Market Dynamics and Financial Trajectory for ADAGEN

Last updated: April 16, 2026

What is the current market landscape for ADAGEN?

ADAGEN (or pegademase bovine) is marketed as a treatment for adenosine deaminase deficiency-negative severe combined immunodeficiency (ADA-SCID). It has seen limited commercialization, with its primary market in rare genetic disorders. The product is not widely adopted outside niche indications, and its market is constrained by competition from enzyme replacement therapies (ERTs) and gene therapies targeting ADA-SCID.

What factors influence the market size and growth potential?

Market drivers:

Rare disease status: ADA-SCID is ultra-rare, with estimated prevalence of 1 in 200,000 to 1 million live births, limiting large-scale commercial opportunities.
Orphan drug designation: Provides market exclusivity, tax incentives, and development support, incentivizing investment in ADAGEN.
Treatment paradigm shifts: Transition from enzyme replacement (ADAGEN) to gene therapy (e.g., Strimvelis, GEM001) influences long-term market viability.

Market barriers:

Competition from gene therapy: Recent approvals and pipeline advancements in gene therapy for ADA-SCID threaten ADAGEN's market share.
Manufacturing challenges: Biological complexity of ADAGEN increases production costs and limits scalability.
Pricing and reimbursement: Cost of biologic therapies remains high; payers are increasingly scrutinizing value propositions, especially for ultra-rare conditions.

Market size estimate:

Based on pre-licensing prevalence data, the total potential patient population is approximately 300- 500 patients globally.
Current annual sales of ADAGEN have been under $10 million, with some regions reporting minimal use.

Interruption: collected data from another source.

Lemma xlnx_tangent p l : 0 <= p -> 0 < l ->
  l * ln l + (ln l + 1) * (p - l) <= p * ln p.
Proof.
intros [Hp| <-] Hl; [|lra].
assert (H := ln_le_sub1 (l / p) ltac:(apply Rdiv_lt_0_compat; auto)).
rewrite ln_div in H by assumption.
assert (p * (ln l - ln p) <= p * (l / p - 1)) by (apply Rmult_le_compat_l; lra).
replace (p * (l / p - 1)) with (l - p) in * by (field; lra). nra.
Qed.

Lemma ln_tangent w x T : 0 <= w -> 0 < T -> (0 < w -> 0 < x) ->
  w * ln x <= w * ln T + w * (x / T - 1).
Proof.
intros [Hw| <-] HT Hx; [|lra]. specialize (Hx Hw).
assert (H := ln_le_sub1 (x / T) ltac:(apply Rdiv_lt_0_compat; auto)).
rewrite ln_div in H by assumption. nra.
Qed.

Lemma xlnx_sum_doubly_stochastic n p (B : nat -> nat -> R) :
  (forall i k, (i < n)%nat -> (k < n)%nat -> 0 <= B i k) ->
  (forall k, (k < n)%nat -> Rsum n (fun i => B i k) = 1) ->
  (forall i, (i < n)%nat -> Rsum n (fun k => B i k) = 1) ->
  (forall i, (i < n)%nat -> 0 <= p i) ->
  let lam k := Rsum n (fun i => B i k * p i) in
  Rsum n (fun k => lam k * ln (lam k)) <= Rsum n (fun i => p i * ln (p i)).
Proof.
intros HB Hcols Hrows Hp lam.
apply Rle_trans with (Rsum n (fun k => Rsum n (fun i => B i k * (p i * ln (p i))))).
- apply Rsum_le; intros k Hk.
  assert (Bp_ge0 : forall i, (i < n)%nat -> 0 <= B i k * p i)
    by (intros; apply Rmult_le_pos; auto).
  destruct (Rsum_ge0 _ _ Bp_ge0) as [Hl|Hl]; fold (lam k) in Hl.
  + apply Rle_trans with
      (Rsum n (fun i => B i k * (lam k * ln (lam k) + (ln (lam k) + 1) * (p i - lam k)))).
    * rewrite (Rsum_ext _ _ (fun i => (lam k * ln (lam k) - (ln (lam k) + 1) * lam k) * B i k
                                      + (ln (lam k) + 1) * (B i k * p i))) by (intros; ring).
      rewrite Rsum_add, !Rsum_mull, Hcols by assumption. fold (lam k). lra.
    * apply Rsum_le; intros i Hi. apply Rmult_le_compat_l; auto. apply xlnx_tangent; auto.
  + rewrite <- Hl, Rmult_0_l, <- (Rsum_0 n). apply Req_le, Rsum_ext; intros i Hi.
    rewrite <- Rmult_assoc, (Rsum_eq0 _ _ Bp_ge0 (eq_sym Hl)) by assumption. ring.
- rewrite Rsum_swap. apply Req_le, Rsum_ext; intros i Hi.
  rewrite Rsum_mulr, Hrows by assumption. ring.
Qed.

Lemma ln_jensen n m (w : nat -> nat -> R) (x : nat -> R) :
  (forall i j, (i < n)%nat -> (j < m)%nat -> 0 <= w i j) ->
  (forall j, (j < m)%nat -> 0 <= x j) ->
  (forall i j, (i < n)%nat -> (j < m)%nat -> 0 < w i j -> 0 < x j) ->
  Rsum n (fun i => Rsum m (fun j => w i j)) = 1 ->
  let T := Rsum n (fun i => Rsum m (fun j => w i j * x j)) in
  0 < T /\ Rsum n (fun i => Rsum m (fun j => w i j * ln (x j))) <= ln T.
Proof.
intros Hw Hx Hwx Hsum T.
assert (wx_ge0 : forall i, (i < n)%nat -> 0 <= Rsum m (fun j => w i j * x j))
  by (intros; apply Rsum_ge0; intros; apply Rmult_le_pos; auto).
assert (HT : 0 < T).
{ destruct (Rsum_ge0 _ _ wx_ge0) as [HT|HT]; [exact HT|exfalso].
  assert (w0 : forall i j, (i < n)%nat -> (j < m)%nat -> w i j = 0).
  { intros i j Hi Hj.
    assert (E := Rsum_eq0 _ _ (fun j Hj => Rmult_le_pos _ _ (Hw i j Hi Hj) (Hx j Hj))
                   (Rsum_eq0 _ _ wx_ge0 (eq_sym HT) i Hi) j Hj).
    destruct (Hw i j Hi Hj) as [P|P]; [specialize (Hwx i j Hi Hj P); nra|auto]. }
  rewrite (Rsum_ext _ _ (fun _ => 0)), Rsum_0 in Hsum; [lra|].
  intros i Hi. rewrite <- (Rsum_0 m). apply Rsum_ext; auto. }
split; [exact HT|].
apply Rle_trans with
  (Rsum n (fun i => Rsum m (fun j => (ln T - 1) * w i j + / T * (w i j * x j)))).
- apply Rsum_le; intros i Hi. apply Rsum_le; intros j Hj.
  apply Rle_trans with (w i j * ln T + w i j * (x j / T - 1)).
  + apply ln_tangent; auto. intros; eapply Hwx; eauto.
  + apply Req_le; unfold Rdiv; ring.
- apply Req_le.
  rewrite (Rsum_ext _ _ (fun i => (ln T - 1) * Rsum m (fun j => w i j)
                                   + / T * Rsum m (fun j => w i j * x j)))
    by (intros; rewrite Rsum_add, !Rsum_mull; reflexivity).
  rewrite Rsum_add, !Rsum_mull, Hsum. fold T. field. lra.
Qed.

Lemma parseval_orthonormal d e f i : orthonormal d e -> orthonormal d f -> (i < d * d)%nat ->
  Rsum (d * d) (fun k => Cnorm2 (binner d (e k) (f i))) = 1.
Proof. intros He Hf Hi. rewrite parseval, Hf by assumption. unfold delta. now rewrite Nat.eqb_refl. Qed.

Lemma spectral_xlnx_le d rho p u lam w :
  spectral d rho p u -> spectral d rho lam w -> (forall i, (i < d * d)%nat -> 0 <= p i) ->
  Rsum (d * d) (fun k => lam k * ln (lam k)) <= Rsum (d * d) (fun i => p i * ln (p i)).
Proof.
intros Hu Hw Hp.
set (B i k := Cnorm2 (binner d (u i) (w k))).
assert (Hlam : forall k, (k < d * d)%nat -> lam k = Rsum (d * d) (fun i => B i k * p i)).
{ intros k Hk. assert (E := f_equal Re (quad_spectral_basis _ _ _ _ Hw k Hk)).
  rewrite (quad_spectral _ _ _ _ Hu) in E. simpl in E. rewrite <- E.
  apply Rsum_ext; intros. unfold B. ring. }
rewrite (Rsum_ext _ _ (fun k => Rsum (d * d) (fun i => B i k * p i)
                                * ln (Rsum (d * d) (fun i => B i k * p i))))
  by (intros; rewrite Hlam; auto).
pose proof (spectral_orthonormal _ _ _ _ Hu) as u_on.
pose proof (spectral_orthonormal _ _ _ _ Hw) as w_on.
apply xlnx_sum_doubly_stochastic; auto.
- intros; apply Cnorm2_ge0.
- intros k Hk. apply parseval_orthonormal; auto.
- intros i Hi. rewrite <- (parseval_orthonormal d w u i) by auto.
  apply Rsum_ext; intros. apply Cnorm2_binner_sym.
Qed.

Lemma trace_product_le_overlap d rho p u sigma q v M :
  spectral d rho p u -> spectral d sigma q v -> separable d sigma ->
  is_upper_bound (prod_overlaps d rho) M ->
  Rsum (d * d) (fun i => Rsum (d * d) (fun j => p i * Cnorm2 (binner d (v j) (u i)) * q j))
  <= M.
Proof.
intros Hu Hv Hsep HM.
destruct (separable_quad _ _ Hsep) as (n & p' & x & y & Hp' & Hsum & Hxy & Hsigma).
set (overlap k := Rsum (d * d) (fun i => p i * Cnorm2 (binner d (u i) (tensor (x k) (y k))))).
assert (tr_rho_sigma :
  Rsum (d * d) (fun i => Rsum (d * d) (fun j => p i * Cnorm2 (binner d (v j) (u i)) * q j))
  = Rsum n (fun k => p' k * overlap k)).
{ transitivity (Rsum (d * d) (fun i => p i * Re (quad d sigma (u i)))).
  - apply Rsum_ext; intros. rewrite (quad_spectral _ _ _ _ Hv). simpl.
    rewrite <- Rsum_mull. apply Rsum_ext; intros. ring.
  - transitivity (Rsum (d * d) (fun i => Rsum n (fun k =>
      p' k * (p i * Cnorm2 (binner d (u i) (tensor (x k) (y k))))))).
    + apply Rsum_ext; intros. rewrite Hsigma. simpl. rewrite <- Rsum_mull.
      apply Rsum_ext; intros. rewrite Cnorm2_binner_sym. ring.
    + rewrite Rsum_swap. apply Rsum_ext; intros. unfold overlap. now rewrite Rsum_mull. }
rewrite tr_rho_sigma, <- (Rmult_1_l M), <- Hsum, <- Rsum_mulr.
apply Rsum_le; intros k Hk. apply Rmult_le_compat_l; [auto|].
apply HM. destruct (Hxy k Hk) as [Hx Hy]. exists (x k), (y k).
split; [|split]; auto. now rewrite (quad_spectral _ _ _ _ Hu).
Qed.

Lemma trace_ln_le_ln_overlap d rho p u sigma q v M :
  is_state d rho -> spectral d rho p u -> spectral d sigma q v -> separable d sigma ->
  (forall i j, (i < d * d)%nat -> (j < d * d)%nat ->
     0 < p i -> q j = 0 -> binner d (v j) (u i) = CR 0) ->
  is_upper_bound (prod_overlaps d rho) M ->
  Rsum (d * d) (fun i => Rsum (d * d) (fun j => p i * Cnorm2 (binner d (v j) (u i)) * ln (q j)))
  <= ln M.
Proof.
intros [[_ rho_psd] rho_tr] Hu Hv Hsep Hsupp HM.
assert (p_ge0 := spectral_weight_ge0 _ _ _ _ Hu rho_psd).
assert (p_sum : Rsum (d * d) p = 1).
{ rewrite (btrace_spectral _ _ _ _ Hu) in rho_tr. exact (f_equal Re rho_tr). }
assert (q_ge0 : forall j, (j < d * d)%nat -> 0 <= q j).
{ apply (spectral_weight_ge0 _ _ _ _ Hv). intros z.
  destruct (separable_quad _ _ Hsep) as (n & p' & x & y & Hp' & _ & _ & ->). simpl.
  apply Rsum_ge0; intros. apply Rmult_le_pos; auto using Cnorm2_ge0. }
destruct (ln_jensen (d * d) (d * d) (fun i j => p i * Cnorm2 (binner d (v j) (u i))) q)
  as [T_pos Jensen].
- intros. apply Rmult_le_pos; auto using Cnorm2_ge0.
- exact q_ge0.
- intros i j Hi Hj Hw. destruct (q_ge0 j Hj) as [|q0]; [assumption|exfalso].
  destruct (p_ge0 i Hi) as [pi_pos|pi0].
  + rewrite (Hsupp i j Hi Hj pi_pos (eq_sym q0)) in Hw. unfold Cnorm2 in Hw; simpl in Hw. lra.
  + rewrite <- pi0 in Hw. lra.
- rewrite <- p_sum. apply Rsum_ext; intros i Hi.
  rewrite Rsum_mull, parseval_orthonormal by eauto using spectral_orthonormal. ring.
- eapply Rle_trans; [exact Jensen|].
  apply ln_le; [exact T_pos|]. exact (trace_product_le_overlap _ _ _ _ _ _ _ _ Hu Hv Hsep HM).
Qed.

Lemma Rsum_mul_log2 n f g :
  Rsum n (fun i => f i * log2 (g i)) = Rsum n (fun i => f i * ln (g i)) / ln 2.
Proof. unfold Rdiv. rewrite <- Rsum_mulr. apply Rsum_ext; intros. unfold log2, Rdiv. ring. Qed.

Theorem mainTheorem9 :
  forall (d : nat) (rho : bop), is_state d rho ->
  forall (e M s : R),
    ER_is d rho e ->
    is_lub (prod_overlaps d rho) M ->
    vN_entropy d rho s ->
    e >= - log2 M - s.
Proof.
intros d rho rho_state e M s HER HM (lam & w & Hw & ->).
apply Rle_ge, (proj2 HER). intros r (sigma & Hsep & p & u & q & v & Hu & Hv & Hsupp & ->).
assert (p_ge0 := spectral_weight_ge0 _ _ _ _ Hu (proj2 (proj1 rho_state))).
assert (entropy_le := spectral_xlnx_le _ _ _ _ _ _ Hu Hw p_ge0).
assert (cross_le := trace_ln_le_ln_overlap _ _ _ _ _ _ _ M rho_state Hu Hv Hsep Hsupp (proj1 HM)).
assert (ln2_pos : 0 < / ln 2) by (apply Rinv_0_lt_compat; generalize ln_lt_2; lra).
setoid_rewrite Rsum_mul_log2. unfold log2, Rdiv. rewrite Rsum_mulr.
nra.
Qed.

How have recent developments affected ADAGEN's financial outlook?

Patent and regulatory status:

Patent expiration timelines: Dominant patents lapsed around 2017, opening potential for biosimilar competition.
Regulatory pathway challenges: Limited post-marketing data and evolving biosimilar regulations complicate market expansion.

Pipeline and competition:

Gene therapy successes: Strimvelis (GSK) received EMA approval in 2016; ongoing investments in similar gene therapies (e.g., Yescarta, Bluebird Bio) provide alternatives for patients.
New biologics: Other enzyme replacement options, although none directly target ADA deficiency, influence treatment choices.

Financial trajectory:

ADAGEN's revenue has plateaued or declined post-2017 due to market saturation and competition.
Biopharma companies involved in ADAGEN have shifted focus to gene therapy and next-generation enzyme therapies.
Companies invested in manufacturing biologics face rising costs without proportional revenue growth.

What regulatory and policy trends could shape future performance?

Orphan drug incentives continue to promote R&D in rare diseases.
Biosimilar entry could lower prices but also erode revenues for existing biologics, including ADAGEN.
Increasing global access initiatives aim to improve treatment affordability but may pressure prices downward.

What is the outlook for future adoption and revenues?

Limited patient populations restrict total revenue potential.
Companies are unlikely to invest heavily in scaling ADAGEN manufacturing given competitive pressures and therapeutic advances.
The future of ADAGEN depends on niches where gene therapy access is limited, especially in regions with delayed adoption of advanced treatments.

Key Takeaways

The ADAGEN market remains niche, limited by the ultra-rare nature of ADA-SCID.
Competition from gene therapy presents a significant long-term threat.
Revenue has stagnated or declined since patent expiration.
Regulatory incentives may sustain some interest but are unlikely to reverse market decline.
Cost pressures and biosimilar threats could further diminish future revenues.

FAQs

1. Will ADAGEN regain market share in the future?
Unlikely, given the proliferation of gene therapy options and reduced treatment reliance on enzyme replacement therapies.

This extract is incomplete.